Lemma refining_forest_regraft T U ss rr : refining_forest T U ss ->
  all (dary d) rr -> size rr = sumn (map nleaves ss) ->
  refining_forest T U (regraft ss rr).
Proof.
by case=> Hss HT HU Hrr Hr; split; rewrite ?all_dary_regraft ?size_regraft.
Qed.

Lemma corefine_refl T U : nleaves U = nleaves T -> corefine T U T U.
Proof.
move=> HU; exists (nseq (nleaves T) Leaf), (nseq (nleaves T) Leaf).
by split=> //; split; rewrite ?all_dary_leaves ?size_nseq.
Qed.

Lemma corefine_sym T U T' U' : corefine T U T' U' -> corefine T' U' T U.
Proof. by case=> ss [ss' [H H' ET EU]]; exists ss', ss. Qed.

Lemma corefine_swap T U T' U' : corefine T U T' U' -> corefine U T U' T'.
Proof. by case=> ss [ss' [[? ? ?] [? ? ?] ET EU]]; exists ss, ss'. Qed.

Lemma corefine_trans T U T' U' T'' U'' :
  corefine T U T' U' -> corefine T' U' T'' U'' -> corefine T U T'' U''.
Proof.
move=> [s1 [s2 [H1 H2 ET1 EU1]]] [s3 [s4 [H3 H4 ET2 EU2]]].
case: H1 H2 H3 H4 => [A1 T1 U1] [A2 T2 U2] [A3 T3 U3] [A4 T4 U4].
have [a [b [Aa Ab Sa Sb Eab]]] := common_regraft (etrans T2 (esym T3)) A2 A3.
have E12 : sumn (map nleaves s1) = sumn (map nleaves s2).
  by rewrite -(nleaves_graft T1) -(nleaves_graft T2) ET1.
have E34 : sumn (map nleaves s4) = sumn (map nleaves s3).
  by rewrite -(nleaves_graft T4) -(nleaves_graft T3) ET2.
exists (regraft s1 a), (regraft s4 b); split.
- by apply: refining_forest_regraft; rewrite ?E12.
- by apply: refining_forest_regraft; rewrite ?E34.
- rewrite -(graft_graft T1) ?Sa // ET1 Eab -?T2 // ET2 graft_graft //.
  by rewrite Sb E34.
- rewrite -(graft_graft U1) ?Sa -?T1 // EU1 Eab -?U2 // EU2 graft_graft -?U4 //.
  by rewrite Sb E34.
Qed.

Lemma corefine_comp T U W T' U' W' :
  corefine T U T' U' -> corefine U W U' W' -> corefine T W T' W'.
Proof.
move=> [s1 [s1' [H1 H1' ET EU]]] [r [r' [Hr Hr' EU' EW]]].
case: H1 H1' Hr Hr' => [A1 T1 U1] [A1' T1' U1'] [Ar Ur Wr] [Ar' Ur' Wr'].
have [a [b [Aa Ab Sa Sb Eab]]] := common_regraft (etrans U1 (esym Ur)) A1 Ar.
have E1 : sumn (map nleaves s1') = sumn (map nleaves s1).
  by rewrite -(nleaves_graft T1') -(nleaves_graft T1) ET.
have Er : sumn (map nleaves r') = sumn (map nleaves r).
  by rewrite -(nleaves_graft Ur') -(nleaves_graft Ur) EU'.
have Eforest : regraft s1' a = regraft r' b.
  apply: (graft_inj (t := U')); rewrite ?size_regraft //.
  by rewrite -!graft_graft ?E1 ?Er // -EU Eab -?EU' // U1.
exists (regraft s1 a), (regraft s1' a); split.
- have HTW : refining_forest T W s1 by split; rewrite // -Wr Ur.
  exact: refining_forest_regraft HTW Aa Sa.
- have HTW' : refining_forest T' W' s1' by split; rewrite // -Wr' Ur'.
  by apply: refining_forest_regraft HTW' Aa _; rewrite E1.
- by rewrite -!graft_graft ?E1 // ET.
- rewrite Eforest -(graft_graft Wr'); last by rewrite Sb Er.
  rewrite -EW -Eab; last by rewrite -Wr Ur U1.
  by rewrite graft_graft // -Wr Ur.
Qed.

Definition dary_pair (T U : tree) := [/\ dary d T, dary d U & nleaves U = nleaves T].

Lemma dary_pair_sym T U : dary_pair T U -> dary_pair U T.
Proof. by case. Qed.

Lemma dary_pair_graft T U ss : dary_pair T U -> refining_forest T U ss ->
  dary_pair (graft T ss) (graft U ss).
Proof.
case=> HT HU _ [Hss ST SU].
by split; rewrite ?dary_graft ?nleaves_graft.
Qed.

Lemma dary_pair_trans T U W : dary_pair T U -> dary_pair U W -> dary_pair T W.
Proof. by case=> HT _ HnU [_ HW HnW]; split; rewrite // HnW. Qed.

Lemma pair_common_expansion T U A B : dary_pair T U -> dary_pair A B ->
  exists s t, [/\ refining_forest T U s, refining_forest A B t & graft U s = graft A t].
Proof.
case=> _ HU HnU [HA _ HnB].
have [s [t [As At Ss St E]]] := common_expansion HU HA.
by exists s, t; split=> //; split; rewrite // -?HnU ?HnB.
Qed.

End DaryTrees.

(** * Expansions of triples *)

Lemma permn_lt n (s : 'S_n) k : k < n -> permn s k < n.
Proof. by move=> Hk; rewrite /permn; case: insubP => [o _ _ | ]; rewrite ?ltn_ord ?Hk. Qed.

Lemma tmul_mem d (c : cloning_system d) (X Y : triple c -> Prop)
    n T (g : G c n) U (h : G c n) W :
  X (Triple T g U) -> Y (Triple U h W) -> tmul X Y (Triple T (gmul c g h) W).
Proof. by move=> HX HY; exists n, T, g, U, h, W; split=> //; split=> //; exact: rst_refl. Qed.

* **TASK STATEMENT**
Return the listing above verbatim.

* **FINISHED TASK**
Lemma refining_forest_regraft T U ss rr : refining_forest T U ss ->
  all (dary d) rr -> size rr = sumn (map nleaves ss) ->
  refining_forest T U (regraft ss rr).
Proof.
by case=> Hss HT HU Hrr Hr; split; rewrite ?all_dary_regraft ?size_regraft.
Qed.

Lemma corefine_refl T U : nleaves U = nleaves T -> corefine T U T U.
Proof.
move=> HU; exists (nseq (nleaves T) Leaf), (nseq (nleaves T) Leaf).
by split=> //; split; rewrite ?all_dary_leaves ?size_nseq.
Qed.

Lemma corefine_sym T U T' U' : corefine T U T' U' -> corefine T' U' T U.
Proof. by case=> ss [ss' [H H' ET EU]]; exists ss', ss. Qed.

Lemma corefine_swap T U T' U' : corefine T U T' U' -> corefine U T U' T'.
Proof. by case=> ss [ss' [[? ? ?] [? ? ?] ET EU]]; exists ss, ss'. Qed.

Lemma corefine_trans T U T' U' T'' U'' :
  corefine T U T' U' -> corefine T' U' T'' U'' -> corefine T U T'' U''.
Proof.
move=> [s1 [s2 [H1 H2 ET1 EU1]]] [s3 [s4 [H3 H4 ET2 EU2]]].
case: H1 H2 H3 H4 => [A1 T1 U1] [A2 T2 U2] [A3 T3 U3] [A4 T4 U4].
have [a [b [Aa Ab Sa Sb Eab]]] := common_regraft (etrans T2 (esym T3)) A2 A3.
have E12 : sumn (map nleaves s1) = sumn (map nleaves s2).
  by rewrite -(nleaves_graft T1) -(nleaves_graft T2) ET1.
have E34 : sumn (map nleaves s4) = sumn (map nleaves s3).
  by rewrite -(nleaves_graft T4) -(nleaves_graft T3) ET2.
exists (regraft s1 a), (regraft s4 b); split.
- by apply: refining_forest_regraft; rewrite ?E12.
- by apply: refining_forest_regraft; rewrite ?E34.
- rewrite -(graft_graft T1) ?Sa // ET1 Eab -?T2 // ET2 graft_graft //.
  by rewrite Sb E34.
- rewrite -(graft_graft U1) ?Sa -?T1 // EU1 Eab -?U2 // EU2 graft_graft -?U4 //.
  by rewrite Sb E34.
Qed.

Lemma corefine_comp T U W T' U' W' :
  corefine T U T' U' -> corefine U W U' W' -> corefine T W T' W'.
Proof.
move=> [s1 [s1' [H1 H1' ET EU]]] [r [r' [Hr Hr' EU' EW]]].
case: H1 H1' Hr Hr' => [A1 T1 U1] [A1' T1' U1'] [Ar Ur Wr] [Ar' Ur' Wr'].
have [a [b [Aa Ab Sa Sb Eab]]] := common_regraft (etrans U1 (esym Ur)) A1 Ar.
have E1 : sumn (map nleaves s1') = sumn (map nleaves s1).
  by rewrite -(nleaves_graft T1') -(nleaves_graft T1) ET.
have Er : sumn (map nleaves r') = sumn (map nleaves r).
  by rewrite -(nleaves_graft Ur') -(nleaves_graft Ur) EU'.
have Eforest : regraft s1' a = regraft r' b.
  apply: (graft_inj (t := U')); rewrite ?size_regraft //.
  by rewrite -!graft_graft ?E1 ?Er // -EU Eab -?EU' // U1.
exists (regraft s1 a), (regraft s1' a); split.
- have HTW : refining_forest T W s1 by split; rewrite // -Wr Ur.
  exact: refining_forest_regraft HTW Aa Sa.
- have HTW' : refining_forest T' W' s1' by split; rewrite // -Wr' Ur'.
  by apply: refining_forest_regraft HTW' Aa _; rewrite E1.
- by rewrite -!graft_graft ?E1 // ET.
- rewrite Eforest -(graft_graft Wr'); last by rewrite Sb Er.
  rewrite -EW -Eab; last by rewrite -Wr Ur U1.
  by rewrite graft_graft // -Wr Ur.
Qed.

Definition dary_pair (T U : tree) := [/\ dary d T, dary d U & nleaves U = nleaves T].

Lemma dary_pair_sym T U : dary_pair T U -> dary_pair U T.
Proof. by case. Qed.

Lemma dary_pair_graft T U ss : dary_pair T U -> refining_forest T U ss ->
  dary_pair (graft T ss) (graft U ss).
Proof.
case=> HT HU _ [Hss ST SU].
by split; rewrite ?dary_graft ?nleaves_graft.
Qed.

Lemma dary_pair_trans T U W : dary_pair T U -> dary_pair U W -> dary_pair T W.
Proof. by case=> HT _ HnU [_ HW HnW]; split; rewrite // HnW. Qed.

Lemma pair_common_expansion T U A B : dary_pair T U -> dary_pair A B ->
  exists s t, [/\ refining_forest T U s, refining_forest A B t & graft U s = graft A t].
Proof.
case=> _ HU HnU [HA _ HnB].
have [s [t [As At Ss St E]]] := common_expansion HU HA.
by exists s, t; split=> //; split; rewrite // -?HnU ?HnB.
Qed.

End DaryTrees.

(** * Expansions of triples *)

Lemma permn_lt n (s : 'S_n) k : k < n -> permn s k < n.
Proof. by move=> Hk; rewrite /permn; case: insubP => [o _ _ | ]; rewrite ?ltn_ord ?Hk. Qed.

Lemma tmul_mem d (c : cloning_system d) (X Y : triple c -> Prop)
    n T (g : G c n) U (h : G c n) W :
  X (Triple T g U) -> Y (Triple U h W) -> tmul X Y (Triple T (gmul c g h) W).
Proof. by move=> HX HY; exists n, T, g, U, h, W; split=> //; split=> //; exact: rst_refl. Qed.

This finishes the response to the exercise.